↓↓↓

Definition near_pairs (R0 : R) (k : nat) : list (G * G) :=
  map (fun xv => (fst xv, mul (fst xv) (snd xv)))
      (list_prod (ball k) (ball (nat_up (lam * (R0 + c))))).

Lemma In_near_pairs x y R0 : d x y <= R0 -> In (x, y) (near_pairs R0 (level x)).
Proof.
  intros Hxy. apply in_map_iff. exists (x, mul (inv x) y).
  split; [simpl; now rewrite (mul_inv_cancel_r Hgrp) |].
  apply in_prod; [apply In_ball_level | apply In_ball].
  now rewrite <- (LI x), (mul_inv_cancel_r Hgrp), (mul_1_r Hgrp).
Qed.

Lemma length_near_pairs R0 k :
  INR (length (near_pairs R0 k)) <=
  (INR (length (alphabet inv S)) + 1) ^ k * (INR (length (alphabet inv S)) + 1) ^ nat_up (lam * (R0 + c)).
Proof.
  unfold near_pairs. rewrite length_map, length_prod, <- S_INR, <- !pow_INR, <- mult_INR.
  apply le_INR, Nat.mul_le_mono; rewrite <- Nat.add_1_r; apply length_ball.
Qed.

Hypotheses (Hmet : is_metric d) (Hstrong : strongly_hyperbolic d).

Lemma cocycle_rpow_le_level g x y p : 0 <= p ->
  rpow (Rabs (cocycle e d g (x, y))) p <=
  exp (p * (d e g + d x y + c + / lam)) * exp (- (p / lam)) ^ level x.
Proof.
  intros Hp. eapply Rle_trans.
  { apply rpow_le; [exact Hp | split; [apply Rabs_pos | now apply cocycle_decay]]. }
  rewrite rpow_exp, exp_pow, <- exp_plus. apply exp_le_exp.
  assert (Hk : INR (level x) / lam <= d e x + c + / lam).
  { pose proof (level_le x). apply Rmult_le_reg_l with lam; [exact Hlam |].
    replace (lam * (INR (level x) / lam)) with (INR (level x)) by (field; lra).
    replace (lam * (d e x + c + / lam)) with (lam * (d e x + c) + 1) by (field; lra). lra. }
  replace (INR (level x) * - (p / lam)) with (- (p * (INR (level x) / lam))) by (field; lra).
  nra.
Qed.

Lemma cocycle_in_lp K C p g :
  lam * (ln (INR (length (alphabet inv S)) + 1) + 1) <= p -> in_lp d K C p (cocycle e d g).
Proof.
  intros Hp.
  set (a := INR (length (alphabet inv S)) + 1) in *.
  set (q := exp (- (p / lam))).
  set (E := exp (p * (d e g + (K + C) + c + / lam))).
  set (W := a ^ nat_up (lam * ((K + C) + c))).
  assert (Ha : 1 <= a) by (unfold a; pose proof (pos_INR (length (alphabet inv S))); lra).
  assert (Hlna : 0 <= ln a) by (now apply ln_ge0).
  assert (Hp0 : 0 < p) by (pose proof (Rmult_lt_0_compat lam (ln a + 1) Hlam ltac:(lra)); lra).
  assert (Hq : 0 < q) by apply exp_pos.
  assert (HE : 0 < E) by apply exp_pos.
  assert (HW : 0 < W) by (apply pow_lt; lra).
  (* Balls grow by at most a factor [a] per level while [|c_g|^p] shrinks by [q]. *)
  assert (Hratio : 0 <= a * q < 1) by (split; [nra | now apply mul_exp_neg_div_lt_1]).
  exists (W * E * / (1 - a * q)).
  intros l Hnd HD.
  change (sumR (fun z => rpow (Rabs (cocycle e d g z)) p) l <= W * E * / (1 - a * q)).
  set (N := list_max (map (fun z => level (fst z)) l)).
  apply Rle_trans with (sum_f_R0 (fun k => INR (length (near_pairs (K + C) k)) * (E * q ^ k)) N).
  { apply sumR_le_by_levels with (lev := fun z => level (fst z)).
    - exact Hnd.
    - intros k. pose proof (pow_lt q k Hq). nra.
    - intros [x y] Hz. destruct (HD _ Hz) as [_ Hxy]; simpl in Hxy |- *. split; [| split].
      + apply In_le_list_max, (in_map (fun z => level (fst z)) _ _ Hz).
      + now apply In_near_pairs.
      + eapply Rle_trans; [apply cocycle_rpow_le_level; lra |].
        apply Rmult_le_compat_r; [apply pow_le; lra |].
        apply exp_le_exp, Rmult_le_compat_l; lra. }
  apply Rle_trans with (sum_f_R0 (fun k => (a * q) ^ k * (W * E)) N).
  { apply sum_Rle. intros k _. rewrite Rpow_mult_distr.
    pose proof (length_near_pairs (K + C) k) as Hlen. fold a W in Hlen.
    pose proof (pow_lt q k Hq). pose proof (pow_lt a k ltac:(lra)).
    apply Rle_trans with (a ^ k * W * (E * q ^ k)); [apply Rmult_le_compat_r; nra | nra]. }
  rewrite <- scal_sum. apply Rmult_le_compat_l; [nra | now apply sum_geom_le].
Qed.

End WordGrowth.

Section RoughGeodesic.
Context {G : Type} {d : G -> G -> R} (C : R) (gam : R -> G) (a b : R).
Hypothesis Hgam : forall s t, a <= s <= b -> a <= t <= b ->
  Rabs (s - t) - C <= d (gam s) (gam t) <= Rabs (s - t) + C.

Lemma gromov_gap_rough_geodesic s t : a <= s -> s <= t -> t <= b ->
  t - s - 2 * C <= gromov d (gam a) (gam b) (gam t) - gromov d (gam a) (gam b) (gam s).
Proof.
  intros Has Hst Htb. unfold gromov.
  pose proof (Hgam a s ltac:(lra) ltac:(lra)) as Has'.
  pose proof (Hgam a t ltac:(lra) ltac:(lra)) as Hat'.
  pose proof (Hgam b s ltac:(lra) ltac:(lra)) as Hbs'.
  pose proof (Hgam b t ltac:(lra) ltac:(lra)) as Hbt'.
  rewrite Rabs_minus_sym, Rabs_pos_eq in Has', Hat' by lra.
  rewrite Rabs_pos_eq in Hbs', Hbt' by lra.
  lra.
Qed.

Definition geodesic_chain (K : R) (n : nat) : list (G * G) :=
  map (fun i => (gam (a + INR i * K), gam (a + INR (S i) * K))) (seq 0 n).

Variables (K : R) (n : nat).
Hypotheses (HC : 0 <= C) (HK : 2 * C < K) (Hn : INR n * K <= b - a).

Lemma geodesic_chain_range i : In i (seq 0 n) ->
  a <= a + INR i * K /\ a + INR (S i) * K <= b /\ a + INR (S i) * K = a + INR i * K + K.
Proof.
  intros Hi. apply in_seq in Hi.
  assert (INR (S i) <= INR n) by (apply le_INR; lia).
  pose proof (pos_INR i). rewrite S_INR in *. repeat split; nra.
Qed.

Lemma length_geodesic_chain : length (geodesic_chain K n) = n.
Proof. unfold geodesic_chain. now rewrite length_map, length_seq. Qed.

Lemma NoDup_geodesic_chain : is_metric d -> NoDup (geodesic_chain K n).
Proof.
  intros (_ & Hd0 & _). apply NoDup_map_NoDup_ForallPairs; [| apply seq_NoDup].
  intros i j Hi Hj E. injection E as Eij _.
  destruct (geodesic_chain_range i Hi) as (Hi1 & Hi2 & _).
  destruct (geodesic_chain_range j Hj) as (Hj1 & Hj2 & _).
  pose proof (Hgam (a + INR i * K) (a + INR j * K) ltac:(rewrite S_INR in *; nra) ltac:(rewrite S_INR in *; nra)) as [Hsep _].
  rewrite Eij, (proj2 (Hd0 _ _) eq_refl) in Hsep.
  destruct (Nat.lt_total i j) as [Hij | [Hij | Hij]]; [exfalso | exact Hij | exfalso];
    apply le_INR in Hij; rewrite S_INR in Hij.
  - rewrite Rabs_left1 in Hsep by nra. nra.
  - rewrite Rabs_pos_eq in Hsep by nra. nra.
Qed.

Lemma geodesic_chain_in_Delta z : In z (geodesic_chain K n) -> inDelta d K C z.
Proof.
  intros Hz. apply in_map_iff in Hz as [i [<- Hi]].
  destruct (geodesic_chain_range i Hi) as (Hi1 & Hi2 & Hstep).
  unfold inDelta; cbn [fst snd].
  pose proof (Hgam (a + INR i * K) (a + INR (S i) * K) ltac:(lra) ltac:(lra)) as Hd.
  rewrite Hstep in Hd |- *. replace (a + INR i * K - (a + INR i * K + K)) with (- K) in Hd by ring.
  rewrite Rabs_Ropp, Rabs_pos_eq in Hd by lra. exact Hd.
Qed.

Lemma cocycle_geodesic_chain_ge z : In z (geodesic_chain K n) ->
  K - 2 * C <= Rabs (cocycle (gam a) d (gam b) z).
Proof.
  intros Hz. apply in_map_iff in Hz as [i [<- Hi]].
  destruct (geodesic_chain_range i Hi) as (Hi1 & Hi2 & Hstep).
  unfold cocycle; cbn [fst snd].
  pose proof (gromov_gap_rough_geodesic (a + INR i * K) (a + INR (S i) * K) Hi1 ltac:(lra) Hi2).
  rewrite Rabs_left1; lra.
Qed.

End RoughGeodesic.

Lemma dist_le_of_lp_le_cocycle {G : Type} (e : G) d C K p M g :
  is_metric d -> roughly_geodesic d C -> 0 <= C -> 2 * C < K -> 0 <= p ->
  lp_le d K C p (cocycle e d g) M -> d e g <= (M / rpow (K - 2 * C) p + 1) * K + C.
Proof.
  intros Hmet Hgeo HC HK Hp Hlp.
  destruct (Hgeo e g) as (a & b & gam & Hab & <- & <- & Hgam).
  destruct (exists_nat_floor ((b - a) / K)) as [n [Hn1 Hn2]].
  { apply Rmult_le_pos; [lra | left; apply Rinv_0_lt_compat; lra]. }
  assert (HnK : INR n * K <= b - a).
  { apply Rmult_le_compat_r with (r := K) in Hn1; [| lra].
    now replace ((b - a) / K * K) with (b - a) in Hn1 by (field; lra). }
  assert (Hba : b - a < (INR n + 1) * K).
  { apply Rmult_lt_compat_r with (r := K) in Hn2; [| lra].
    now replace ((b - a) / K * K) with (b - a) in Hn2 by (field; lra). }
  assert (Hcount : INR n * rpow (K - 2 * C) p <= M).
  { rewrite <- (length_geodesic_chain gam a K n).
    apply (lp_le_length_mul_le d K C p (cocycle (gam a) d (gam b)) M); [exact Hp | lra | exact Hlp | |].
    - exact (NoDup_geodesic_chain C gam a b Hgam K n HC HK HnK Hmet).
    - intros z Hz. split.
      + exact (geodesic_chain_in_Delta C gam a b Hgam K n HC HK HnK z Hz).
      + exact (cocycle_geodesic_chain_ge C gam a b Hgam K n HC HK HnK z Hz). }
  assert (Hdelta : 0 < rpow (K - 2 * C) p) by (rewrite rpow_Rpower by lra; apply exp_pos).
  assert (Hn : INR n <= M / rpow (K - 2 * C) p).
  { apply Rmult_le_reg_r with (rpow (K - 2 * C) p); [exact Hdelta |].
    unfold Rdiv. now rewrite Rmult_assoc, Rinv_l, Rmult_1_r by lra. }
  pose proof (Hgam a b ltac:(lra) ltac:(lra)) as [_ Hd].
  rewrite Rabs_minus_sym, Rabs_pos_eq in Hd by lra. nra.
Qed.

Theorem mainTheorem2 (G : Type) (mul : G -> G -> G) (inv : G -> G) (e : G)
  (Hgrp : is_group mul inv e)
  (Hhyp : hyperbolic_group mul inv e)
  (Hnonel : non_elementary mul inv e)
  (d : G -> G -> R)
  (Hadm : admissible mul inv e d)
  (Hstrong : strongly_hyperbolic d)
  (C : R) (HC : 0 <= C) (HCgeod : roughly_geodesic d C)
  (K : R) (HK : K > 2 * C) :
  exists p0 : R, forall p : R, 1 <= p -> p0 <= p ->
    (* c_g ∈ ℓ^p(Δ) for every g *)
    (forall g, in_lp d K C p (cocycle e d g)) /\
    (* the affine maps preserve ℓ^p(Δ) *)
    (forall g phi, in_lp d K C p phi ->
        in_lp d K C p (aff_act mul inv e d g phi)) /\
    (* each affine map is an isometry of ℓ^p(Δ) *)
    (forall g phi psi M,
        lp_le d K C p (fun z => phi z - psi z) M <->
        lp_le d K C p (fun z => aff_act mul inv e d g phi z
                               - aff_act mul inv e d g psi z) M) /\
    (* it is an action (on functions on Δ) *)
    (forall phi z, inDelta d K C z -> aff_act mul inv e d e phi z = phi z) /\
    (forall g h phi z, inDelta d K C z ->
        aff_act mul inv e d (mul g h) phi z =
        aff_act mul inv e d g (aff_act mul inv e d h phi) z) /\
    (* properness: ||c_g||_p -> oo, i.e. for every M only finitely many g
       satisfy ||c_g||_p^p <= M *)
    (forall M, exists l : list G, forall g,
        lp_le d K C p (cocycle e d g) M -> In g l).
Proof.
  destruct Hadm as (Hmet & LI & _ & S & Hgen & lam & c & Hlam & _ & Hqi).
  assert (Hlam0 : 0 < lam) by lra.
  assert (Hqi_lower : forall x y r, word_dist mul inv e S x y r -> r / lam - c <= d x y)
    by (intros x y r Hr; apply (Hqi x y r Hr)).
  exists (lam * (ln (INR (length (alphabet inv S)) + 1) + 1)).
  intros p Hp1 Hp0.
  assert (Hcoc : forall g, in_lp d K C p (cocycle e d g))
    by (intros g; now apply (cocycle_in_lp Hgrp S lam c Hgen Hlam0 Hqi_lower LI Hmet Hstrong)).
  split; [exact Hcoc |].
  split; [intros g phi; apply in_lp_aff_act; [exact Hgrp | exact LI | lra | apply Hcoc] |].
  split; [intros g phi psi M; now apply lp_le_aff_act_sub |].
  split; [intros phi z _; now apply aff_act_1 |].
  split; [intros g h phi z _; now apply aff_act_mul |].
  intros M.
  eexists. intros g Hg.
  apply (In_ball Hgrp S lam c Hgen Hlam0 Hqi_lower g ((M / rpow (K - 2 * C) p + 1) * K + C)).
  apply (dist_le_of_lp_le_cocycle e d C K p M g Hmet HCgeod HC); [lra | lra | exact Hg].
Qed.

↑↑↑

**PROBLEM TO WORK ON:**
An exact, complete copy of the lines above from the one with "intros Hmet Hgeo HC HK Hp Hlp." through the one with "pose proof (Hgam a b" is the whole answer.

**EXERCISE RESPONSE:**
  intros Hmet Hgeo HC HK Hp Hlp.
  destruct (Hgeo e g) as (a & b & gam & Hab & <- & <- & Hgam).
  destruct (exists_nat_floor ((b - a) / K)) as [n [Hn1 Hn2]].
  { apply Rmult_le_pos; [lra | left; apply Rinv_0_lt_compat; lra]. }
  assert (HnK : INR n * K <= b - a).
  { apply Rmult_le_compat_r with (r := K) in Hn1; [| lra].
    now replace ((b - a) / K * K) with (b - a) in Hn1 by (field; lra). }
  assert (Hba : b - a < (INR n + 1) * K).
  { apply Rmult_lt_compat_r with (r := K) in Hn2; [| lra].
    now replace ((b - a) / K * K) with (b - a) in Hn2 by (field; lra). }
  assert (Hcount : INR n * rpow (K - 2 * C) p <= M).
  { rewrite <- (length_geodesic_chain gam a K n).
    apply (lp_le_length_mul_le d K C p (cocycle (gam a) d (gam b)) M); [exact Hp | lra | exact Hlp | |].
    - exact (NoDup_geodesic_chain C gam a b Hgam K n HC HK HnK Hmet).
    - intros z Hz. split.
      + exact (geodesic_chain_in_Delta C gam a b Hgam K n HC HK HnK z Hz).
      + exact (cocycle_geodesic_chain_ge C gam a b Hgam K n HC HK HnK z Hz). }
  assert (Hdelta : 0 < rpow (K - 2 * C) p) by (rewrite rpow_Rpower by lra; apply exp_pos).
  assert (Hn : INR n <= M / rpow (K - 2 * C) p).
  { apply Rmult_le_reg_r with (rpow (K - 2 * C) p); [exact Hdelta |].
    unfold Rdiv. now rewrite Rmult_assoc, Rinv_l, Rmult_1_r by lra. }
  pose proof (Hgam a b ltac:(lra) ltac:(lra)) as [_ Hd].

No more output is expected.